Definition O_op (k : nat) (m : R) (s : R) : Op nat := fun v i =>
  if Nat.eqb i k then Cadd (Cscale (cos m) (v k)) (Cscale (s * sin m) (v (S k)))
  else if Nat.eqb i (S k) then Cadd (Cscale (s * sin m) (v k)) (Cscale (- cos m) (v (S k)))
  else C0.

Definition Pi_op (k : nat) : Op nat := fun v i =>
  if orb (Nat.eqb i k) (Nat.eqb i (S k)) then v i else C0.

(* projector onto the eps-eigenvector (eps = +1 or -1) of O_k(mu,s):
   (Pi_k + eps O_k(mu,s)) / 2, i.e. |w><w| for the unit eps-eigenvector w *)
Definition eigproj (k : nat) (m s eps : R) : Op nat := fun v i =>
  Cscale (1 / 2) (Cadd (Pi_op k v i) (Cscale eps (O_op k m s v i))).

Definition ket_proj (a : nat) : Op nat := fun v i =>
  if Nat.eqb i a then v a else C0.

Definition sgn (a : nat) : R := if Nat.even a then 1 else -1.

Definition A_star (x a : nat) : Op nat :=
  match x with
  | O => ket_proj a
  | 1%nat => eigproj (2 * (a / 2)) (PI / 2) 1 (sgn a)
  | _ => match a with
         | O => ket_proj 0
         | S a' => eigproj (2 * (a' / 2) + 1) (PI / 2) 1 (sgn a')
         end
  end.

Definition B_star (y b : nat) : Op nat :=
  match y with
  | O => eigproj (2 * (b / 2)) (mu (b / 2)) 1 (sgn b)
  | 1%nat => eigproj (2 * (b / 2)) (mu (b / 2)) (-1) (sgn b)
  | 2%nat => match b with
             | O => ket_proj 0
             | S b' => eigproj (2 * (b' / 2) + 1) (mu' (b' / 2)) 1 (sgn b')
             end
  | _ => match b with
         | O => ket_proj 0
         | S b' => eigproj (2 * (b' / 2) + 1) (mu' (b' / 2)) (-1) (sgn b')
         end
  end.
Lemma pot_slope_le1 (y : R) : y <= 1 -> pot_slope y <= 1.
Proof.
move=> y_le1; have r_gt0 := sqrt2_gt0; rewrite /pot_slope.
have : 0 <= r * (1 - y) by apply: mulr_ge0; lra.
lra.
Qed.

Lemma pot1_ge : 2 - r <= pot 1.
Proof. have r2 := sqrt2_sqr; have r_gt0 := sqrt2_gt0; rewrite /pot; nra. Qed.

(* The defining property of [pot]: the minimum over [a, h] of the left side
   is attained at [a + h = 2 - r]. *)
Lemma pot_cover (a h : R) : 2 - r <= pot a + (1 - pot_slope h) * (1 - a) + pot h.
Proof.
have r2 := sqrt2_sqr; have r_gt0 := sqrt2_gt0; rewrite /pot /pot_slope.
have : 0 <= r * (a + h + r - 2) ^+ 2 by apply: mulr_ge0; [lra | apply: sqr_ge0].
have e1 : r * r * a = 2 * a by rewrite r2.
have e2 : r * r * h = 2 * h by rewrite r2.
have e3 : r * r * r = 2 * r by rewrite r2.
nra.
Qed.

Lemma pot_raise_le (l h : R) :
  0 <= l -> pot (Num.max l h) - pot l <= pot_slope (Num.max h 0) * (Num.max l h - l).
Proof.
move=> l_ge0; case: (lerP h l) => [hl | lh].
  by rewrite !subrr mulr0.
have -> : Num.max h 0 = h by apply: max_l; apply: le_trans (ltW lh).
exact/pot_sub_le/ltW.
Qed.

Lemma pot_cover_raise (a l h : R) : 0 <= l ->
  2 - r <= pot a + (1 - pot_slope (Num.max h 0)) * (1 - a) + pot (Num.max l h).
Proof.
move=> l_ge0; have := pot_cover a (Num.max h 0).
have : pot (Num.max h 0) <= pot (Num.max l h).
  apply: pot_le; first by rewrite le_max lexx orbT.
  by rewrite ge_max !le_max lexx l_ge0 orbT.
lra.
Qed.

End Potential.

Definition wf_dual_inv (R : rcfType) (V : finType) (E : {set {set V}})
  (s : seq (V * bool)) (x : fassign R V) (al : V -> R) : Prop :=
  [/\ forall f, 0 <= x f,
      forall w, 0 <= al w,
      \sum_w al w = \sum_(f in E) x f,
      forall w, (w, false) \in s -> pot (level E x w) <= al w &
      forall a b, [set a; b] \in E -> ((a, false) \notin s) || ((b, false) \notin s) ->
        2 - Num.sqrt 2 <= al a + al b].

Section WaterFillingStep.
Variables (R : rcfType) (V : finType) (E : {set {set V}}).
Hypothesis simpleE : simple_graph E.
Variables (u : V) (s : seq (V * bool)) (x : fassign R V) (al : V -> R) (h : R).
Hypothesis u_notin_s : (u, false) \notin s.
Hypothesis inv_x : wf_dual_inv E ((u, false) :: s) x al.

Let N := [set v | ([set u; v] \in E) && ((v, false) \in s)].
Let raise v := Num.max (level E x v) h - level E x v.
Let inc := \sum_(v in N) raise v.
Hypothesis wf_stop :
  (inc = 1 - level E x u /\ h <= 1) \/ (h = 1 /\ inc <= 1 - level E x u).

Let charge v := pot (Num.max (level E x v) h) - pot (level E x v).
Let gain := inc - \sum_(v in N) charge v.
Let al' w := al w + (if w \in N then charge w else 0) + (if w == u then gain else 0).

Let x_ge0 f : 0 <= x f. Proof. by case: inv_x. Qed.
Let al_ge0 w : 0 <= al w. Proof. by case: inv_x. Qed.

Let level_ge0 w : 0 <= level E x w.
Proof. by apply: sumr_ge0 => f _; apply: x_ge0. Qed.

Let h_le1 : h <= 1.
Proof. by case: wf_stop => [[]|[->]]. Qed.

Let raise_ge0 v : 0 <= raise v.
Proof. by rewrite subr_ge0 le_max lexx. Qed.

Let charge_ge0 v : 0 <= charge v.
Proof. by rewrite subr_ge0 pot_le // le_max lexx. Qed.

Let gain_ge : (1 - pot_slope (Num.max h 0)) * inc <= gain.
Proof.
have : \sum_(v in N) charge v <= pot_slope (Num.max h 0) * inc.
  by rewrite mulr_sumr; apply: ler_sum => v _; apply: pot_raise_le.
rewrite /gain; lra.
Qed.

Let gain_ge0 : 0 <= gain.
Proof.
apply: le_trans gain_ge; apply: mulr_ge0; last exact: sumr_ge0.
by rewrite subr_ge0 pot_slope_le1 // ge_max h_le1 ler01.
Qed.

Let N_edge v : v \in N -> [set u; v] \in E.
Proof. by rewrite inE => /andP[]. Qed.

Let N_neq_u v : v \in N -> v != u.
Proof.
by rewrite inE => /andP[_ vs]; apply: contraNneq u_notin_s => <-.
Qed.

Let al_le w : al w <= al' w.
Proof.
by rewrite /al' -addrA lerDl addr_ge0 //; case: ifP.
Qed.

Let sum_al' : \sum_w al' w = \sum_w al w + inc.
Proof.
rewrite /al' !big_split /= -!big_mkcond big_pred1_eq /gain.
by rewrite -addrA [X in _ + X]addrC subrK.
Qed.

Let sum_x' : \sum_(f in E) wf_raise E u N x h f = \sum_(f in E) x f + inc.
Proof.
rewrite sum_wf_raise; congr (_ + _); apply: eq_bigl => v.
by case: (boolP (v \in N)) => // /N_edge ->.
Qed.

Let alive_pot_le w : (w, false) \in s ->
  pot (level E (wf_raise E u N x h) w) <= al' w.
Proof.
move=> ws; have [_ _ _ alive _] := inv_x.
have := alive w; rewrite in_cons ws orbT => /(_ isT).
have wu : w != u by apply: contraNneq u_notin_s => <-.
rewrite level_wf_raise // /al' (negbTE wu) addr0.
case: ifP => _; last by rewrite !addr0.
by rewrite addrC subrK /charge; lra.
Qed.

Let cover_u b : b \in N -> 2 - Num.sqrt 2 <= al' u + al' b.
Proof.
move=> bN; have [_ _ _ alive _] := inv_x.
have al'_u : pot (level E x u) + gain <= al' u.
  have uN : u \notin N by apply/negP => /N_neq_u; rewrite eqxx.
  by rewrite /al' eqxx (negbTE uN) addr0 lerD2r alive ?mem_head.
have al'_b : pot (Num.max (level E x b) h) <= al' b.
  have bs : (b, false) \in s by move: bN; rewrite inE => /andP[].
  have := alive b; rewrite in_cons bs orbT => /(_ isT).
  by rewrite /al' bN (negbTE (N_neq_u bN)) addr0 /charge; lra.
case: wf_stop => [[inc_eq _] | [h1 _]].
  have := pot_cover_raise (level E x u) h (level_ge0 b).
  by rewrite -inc_eq; move: al'_u al'_b gain_ge; lra.
have : pot 1 <= pot (Num.max (level E x b) h).
  by rewrite h1; apply: pot_le => //; rewrite le_max lexx orbT.
have := pot1_ge R; have := al_ge0 u; have := al_le u; lra.
Qed.

Let cover_dead a b : [set a; b] \in E -> (a, false) \notin s ->
  (a, false) \in (u, false) :: s -> (b, false) \in (u, false) :: s ->
  2 - Num.sqrt 2 <= al' a + al' b.
Proof.
move=> ab as' au_s bu_s.
have au : a = u by move: au_s; rewrite in_cons (negbTE as') orbF => /eqP [].
subst a; move: bu_s; rewrite in_cons => /orP[/eqP [bu] | bs].
  by have := simpleE ab; rewrite bu setUid cards1.
by apply: cover_u; rewrite inE ab bs.
Qed.

Lemma wf_dual_inv_step : wf_dual_inv E s (wf_raise E u N x h) al'.
Proof.
have [_ _ sum_eq _ cover] := inv_x.
split=> //.
- by move=> f; rewrite addr_ge0 ?x_ge0 //; apply: sumr_ge0 => v _; apply: raise_ge0.
- by move=> w; apply: le_trans (al_le w).
- by rewrite sum_al' sum_x' sum_eq.
move=> a b ab ab_dead.
have [dead_before | alive_before] :=
  boolP (((a, false) \notin (u, false) :: s) || ((b, false) \notin (u, false) :: s)).
  exact: le_trans (cover a b ab dead_before) (lerD (al_le a) (al_le b)).
move: alive_before; rewrite negb_or !negbK => /andP[a_us b_us].
case/orP: ab_dead => [as' | bs']; first exact: cover_dead.
by rewrite [al' a + _]addrC; apply: cover_dead; rewrite // setUC.
Qed.

End WaterFillingStep.

Lemma wf_exec_dual_inv (R : rcfType) (V : finType) (E : {set {set V}})
  (s : seq (V * bool)) (x y : fassign R V) (al : V -> R) :
  simple_graph E -> wf_exec E s x y -> uniq s -> wf_dual_inv E s x al ->
  exists al', wf_dual_inv E [::] y al'.
Proof.
move=> simpleE exec; elim: exec al => {s x y}.
- by move=> x al _ inv; exists al.
- move=> v s x y _ IH al /andP[_ us] [x_ge0 al_ge0 sum_eq alive cover].
  apply: (IH al us); split=> // [w ws | a b ab ab_dead].
    by apply: alive; rewrite in_cons ws orbT.
  by apply: cover; rewrite // !in_cons !xpair_eqE !andbF.
- move=> u s x x' y [h [stop ->]] _ IH al /andP[us uniq_s] inv.
  exact: IH _ uniq_s (wf_dual_inv_step simpleE us inv stop).
Qed.

Theorem theorem3p1 (R : rcfType) (V : finType) (E : {set {set V}})
  (sigma : seq (V * bool)) (x : fassign R V) :
  simple_graph E ->
  valid_instance E sigma ->
  water_filling_output E sigma x ->
  (2 - Num.sqrt 2) * (max_matching_size E)%:R <= \sum_(f in E) x f.
Proof.
move=> simpleE [uniq_sigma has_events _ _] wf_out.
have inv0 : wf_dual_inv E sigma (fun _ => 0 : R) (fun _ => 0 : R).
  split=> //.
  - by rewrite !big1.
  - by move=> w _; rewrite /level big1 // /pot; lra.
  - move=> a b _; have [_ a_dl] := has_events a; have [_ b_dl] := has_events b.
    by rewrite /deadline in a_dl b_dl; rewrite a_dl b_dl.
have [al [_ al_ge0 sum_eq _ cover]] := wf_exec_dual_inv simpleE wf_out uniq_sigma inv0.
rewrite -sum_eq; apply: max_matching_le_cover => // [|a b ab]; last exact: cover.
have := sqrt2_sqr R; have := sqrt2_gt0 R; nra.
Qed.
(* The necessary optimality (stationarity) conditions of $\mathcal J^{\mathrm{dir},1}_d$ with respect to all its variables and those of $\tilde{\mathcal J}^{\mathcal E}_d$ with respect to $(y_0,\dots,y_N,U_d^{(1)},U_d^{(2)},\mu,\nu)$ are equivalent, under the identification $\lambda_k=\lambda^v_k$ for $k=1,\dots,N-1$ (with $\lambda^q$ and $v$ determined by $\lambda^q_{k+1}=(\lambda^v_k-\lambda^v_{k+1})/h$ and the discrete first-order dynamics).
   Context: Setting: $\mathcal Q=\mathbb R^n$, controls in $\mathbb R^m$; smooth $f(q,v)\in\mathbb R^n$, $\rho(q)\in\mathbb R^{n\times m}$, $\mathrm g(q)$ symmetric positive definite, terminal cost $\phi(q,v)$; $q^0,\dot q^0$, $h=T/N$; parameters $\alpha,\gamma\in[0,1]$. Notation: $\bar q_k^\gamma=\gamma q_k+(1-\gamma)q_{k+1}$, $\Delta q_k=(q_{k+1}-q_k)/h$, $f_k^\gamma=f(\bar q_k^\gamma,\Delta q_k)$, $\rho_k^\gamma=\rho(\bar q_k^\gamma)$, $\mathrm g_k^\gamma=\mathrm g(\bar q_k^\gamma)$, $F_k^{(1)}=f_k^\gamma+\rho_k^\gamma U_k^{(1)}$, $F_k^{(2)}=f_k^{1-\gamma}+\rho_k^{1-\gamma}U_k^{(2)}$. Boundary velocities: $v_0^-=\Delta q_0-h\alpha\gamma F_0^{(1)}-h(1-\alpha)(1-\gamma)F_0^{(2)}$, $v_N^+=\Delta q_{N-1}+h\alpha(1-\gamma)F_{N-1}^{(1)}+h(1-\alpha)\gamma F_{N-1}^{(2)}$. Direct first-order objective in variables $q_0,\dots,q_N,v_0,\dots,v_N,\lambda^q_1,\dots,\lambda^q_N,\lambda^v_1,\dots,\lambda^v_N\in\mathbb R^n$, $U_k^{(1)},U_k^{(2)}\in\mathbb R^m$, $\mu,\nu$: $\mathcal J^{\mathrm{dir},1}_d=\phi(q_N,v_N)+\mu^\top(q_0-q^0)+\nu^\top(v_0-\dot q^0)+\frac h2\sum_{k=0}^{N-1}\big(\alpha U_k^{(1)\top}\mathrm g_k^\gamma U_k^{(1)}+(1-\alpha)U_k^{(2)\top}\mathrm g_k^{1-\gamma}U_k^{(2)}\big)+h\sum_{k=0}^{N-1}(\lambda^q_{k+1})^\top\big[\tfrac{q_{k+1}-q_k}h-v_k-h\alpha\gamma F_k^{(1)}-h(1-\alpha)(1-\gamma)F_k^{(2)}\big]+h\sum_{k=0}^{N-1}(\lambda^v_{k+1})^\top\big[\tfrac{v_{k+1}-v_k}h-\alpha F_k^{(1)}-(1-\alpha)F_k^{(2)}\big]$. Approximate control-dependent objective: with $y_k=(q_k,\lambda_k)$, $\Delta\lambda_k=(\lambda_{k+1}-\lambda_k)/h$, $\bar\lambda_k^\gamma=\gamma\lambda_k+(1-\gamma)\lambda_{k+1}$, $\tilde L^{\mathcal E}_d(y_k,y_{k+1},U_k^{(1)},U_k^{(2)},h)=h[\alpha(\Delta\lambda_k^\top\Delta q_k+(\bar\lambda_k^\gamma)^\top F_k^{(1)}-\frac12U_k^{(1)\top}\mathrm g_k^\gamma U_k^{(1)})+(1-\alpha)(\Delta\lambda_k^\top\Delta q_k+(\bar\lambda_k^{1-\gamma})^\top F_k^{(2)}-\frac12U_k^{(2)\top}\mathrm g_k^{1-\gamma}U_k^{(2)})]$ and $\tilde{\mathcal J}^{\mathcal E}_d=\phi(q_N,v_N^+)+\mu^\top(q_0-q^0)+\nu^\top(v_0^--\dot q^0)+\lambda_N^\top v_N^+-\lambda_0^\top v_0^--\sum_{k=0}^{N-1}\tilde L^{\mathcal E}_d(y_k,y_{k+1},U_k^{(1)},U_k^{(2)},h)$. *)

From HB Require Import structures.
From mathcomp Require Import all_boot all_order all_algebra.
From mathcomp Require Import all_classical all_reals all_analysis.
Set Implicit Arguments. Unset Strict Implicit. Unset Printing Implicit Defensive.
Import Order.TTheory GRing.Theory Num.Theory.
Import numFieldNormedType.Exports.
Local Open Scope ring_scope.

■ WHAT IS EXPECTED:
Taking the entries from their first line through the line with "Definition Pi_op (k", inclusive, restate each line word for word and give nothing else.

■ ANSWER SECTION:
Definition O_op (k : nat) (m : R) (s : R) : Op nat := fun v i =>
  if Nat.eqb i k then Cadd (Cscale (cos m) (v k)) (Cscale (s * sin m) (v (S k)))
  else if Nat.eqb i (S k) then Cadd (Cscale (s * sin m) (v k)) (Cscale (- cos m) (v (S k)))
  else C0.

Definition Pi_op (k : nat) : Op nat := fun v i =>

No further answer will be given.